Nos anos 60 e 70, Robert Gabriel Mugabe era um líder rebelde respeitado em seu país, a Rodésia (atual Zimbábue), e no exterior. Líder da Zanu (União Nacional Africana do Zimbábue), ele foi o grande herói da luta contra o regime de minoria branca do primeiro-ministro Ian Smith, ao lado de outro chefe guerrilheiro, Joshua Nkomo, do Zapu. Em 1979, depois de uma guerra civil que durou quase dez anos e deixou 30 mil mortos, Mugabe trouxe seus guerrilheiros marxistas à mesa de negociações. O Acordo de Lancaster House, assinado em Londres, deu direito de voto a toda a população da Rodésia e garantiu o direito de propriedade à minoria branca. Em 1980, a Zanu ganhou as eleições, Mugabe tornou-se primeiro-ministro e o país, renomeado Zimbábue, conquistou a independência do Reino Unido. Como estadista, Mugabe foi elogiado pela comunidade internacional por não ceder à tentação de “jogar os brancos ao mar” e buscar uma transição pacífica. Mas o ex-rebelde tomou gosto pelo poder. Em 1987, mudou a Constituição para poder se eleger presidente. Foi reeleito nos pleitos subsequentes, em 1990 e 1996. Na quarta-feira 13, o veterano Mugabe, 78 anos, foi novamente reeleito, desta vez em meio a acusações de fraude eleitoral generalizada e intimidação à oposição.

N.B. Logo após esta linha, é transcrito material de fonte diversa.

(* Let $n\in\mathbb N$ and let $S$ be a well ordered subsemigroup of the nonnegative part $\{x\in\mathbb R^n\mid x\ge0\}$ of $\mathbb R^n$ with the lexicographic order. Suppose that $S$ has ordinal type $\le\omega^h$ for some $h\in\mathbb N$. Then $S$ has no accumulation point in $\mathbb R^n$ for the Euclidean topology.
   Context: $\omega$ denotes the ordinal type of $\mathbb N$. The lexicographic order on $\mathbb R^n$ compares first coordinates first. *)

From Stdlib Require Import Reals.
Open Scope R_scope.

(* Points of R^n are represented as functions nat -> R vanishing from index n on. *)
Definition in_Rn (n : nat) (x : nat -> R) : Prop :=
  forall i : nat, (n <= i)%nat -> x i = 0.

Definition vadd (x y : nat -> R) : nat -> R := fun i => x i + y i.
Definition vzero : nat -> R := fun _ => 0.

Definition eq_n (n : nat) (x y : nat -> R) : Prop :=
  forall i : nat, (i < n)%nat -> x i = y i.

Definition lex_lt (n : nat) (x y : nat -> R) : Prop :=
  exists k : nat, (k < n)%nat /\ (forall i : nat, (i < k)%nat -> x i = y i) /\ x k < y k.

Definition lex_le (n : nat) (x y : nat -> R) : Prop := eq_n n x y \/ lex_lt n x y.

(* Strict lexicographic order on N^h, which has order type omega^h. *)
Definition nlex_lt (h : nat) (u v : nat -> nat) : Prop :=
  exists k : nat, (k < h)%nat /\ (forall i : nat, (i < k)%nat -> u i = v i) /\ (u k < v k)%nat.

Fixpoint sqsum (n : nat) (x : nat -> R) : R :=
  match n with
  | O => 0
  | S m => sqsum m x + x m * x m
  end.

Definition dist_n (n : nat) (x y : nat -> R) : R :=
  sqrt (sqsum n (fun i => x i - y i)).

Definition nonneg_subsemigroup (n : nat) (S : (nat -> R) -> Prop) : Prop :=
  (forall x, S x -> in_Rn n x) /\
  (forall x, S x -> lex_le n vzero x) /\
  (forall x y, S x -> S y -> S (vadd x y)).

Definition lex_well_ordered (n : nat) (S : (nat -> R) -> Prop) : Prop :=
  forall T : (nat -> R) -> Prop,
    (forall x, T x -> S x) -> (exists x, T x) ->
    exists m, T m /\ forall y, T y -> lex_le n m y.

(* Ordinal type of (S, lex) is <= omega^h: S is order-isomorphic to an
   initial segment of N^h with the lexicographic order (order type omega^h). *)
Definition ordtype_le_omega_pow (n : nat) (S : (nat -> R) -> Prop) (h : nat) : Prop :=
  exists f : (nat -> R) -> (nat -> nat),
    (forall x y, S x -> S y -> lex_lt n x y -> nlex_lt h (f x) (f y)) /\
    (forall x (v : nat -> nat), S x -> nlex_lt h v (f x) ->
        exists y, S y /\ forall i, (i < h)%nat -> f y i = v i).

Definition accumulation_point (n : nat) (S : (nat -> R) -> Prop) (p : nat -> R) : Prop :=
  in_Rn n p /\
  forall eps : R, 0 < eps ->
    exists x, S x /\ ~ eq_n n x p /\ dist_n n x p < eps.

Pressão sobre eleitores, roubos de cédulas e outros artifícios pouco ortodoxos foram usados para que, no final, saísse vitorioso o partido de Mugabe, o Zanu-PF, que obteve 57% dos votos, contra 42% do Movimento para Mudanças Democráticas (MDC) do candidato de oposição, Morgan Tsvangirai. Observadores internacionais declararam que a eleição foi fraudulenta e o chanceler britânico, Jack Straw, chegou a classificar a vitória de Mugabe como “uma tragédia”.

Com mais seis anos de mandato pela frente, Mugabe é hoje uma pálida sombra de seu passado, um dirigente cuja única coerência está na disposição de se manter no poder a qualquer custo. Na campanha, ele chegou a usar camisas estampadas com sua própria imagem, numa primitiva manifestação de culto à personalidade. “Um rei é um rei. Só é destituído quando morre”, comparou um de seus assessores, esquecendo-se de revoluções que destronaram e executaram monarcas. O presidente, que nos anos 90 adotou um plano de ajuste do FMI e privatizou estatais, hoje vocifera contra o “capitalismo”. O mesmo dirigente que garantiu privilégios econômicos à minoria branca no início de seu governo agora incita os camponeses negros contra fazendeiros brancos e promove uma reforma agrária “na lei ou na marra”. É verdade que apenas 4,5 mil famílias brancas detinham 80% das terras aráveis, enquanto sete milhões de negros tinham que se contentar com o que restava. Mas a manutenção dessa discrepância foi a base da transição pacífica que Mugabe conduziu com tanta habilidade. O fato é que, depois de 22 anos de poder, pouca coisa mudou no Zimbábue. Dois terços da população está abaixo da linha de pobreza, 85% é analfabeta e o índice de desemprego atinge 60%. Mesmo assim, o eterno presidente continua culpando o Reino Unido pelas mazelas do Zimbábue.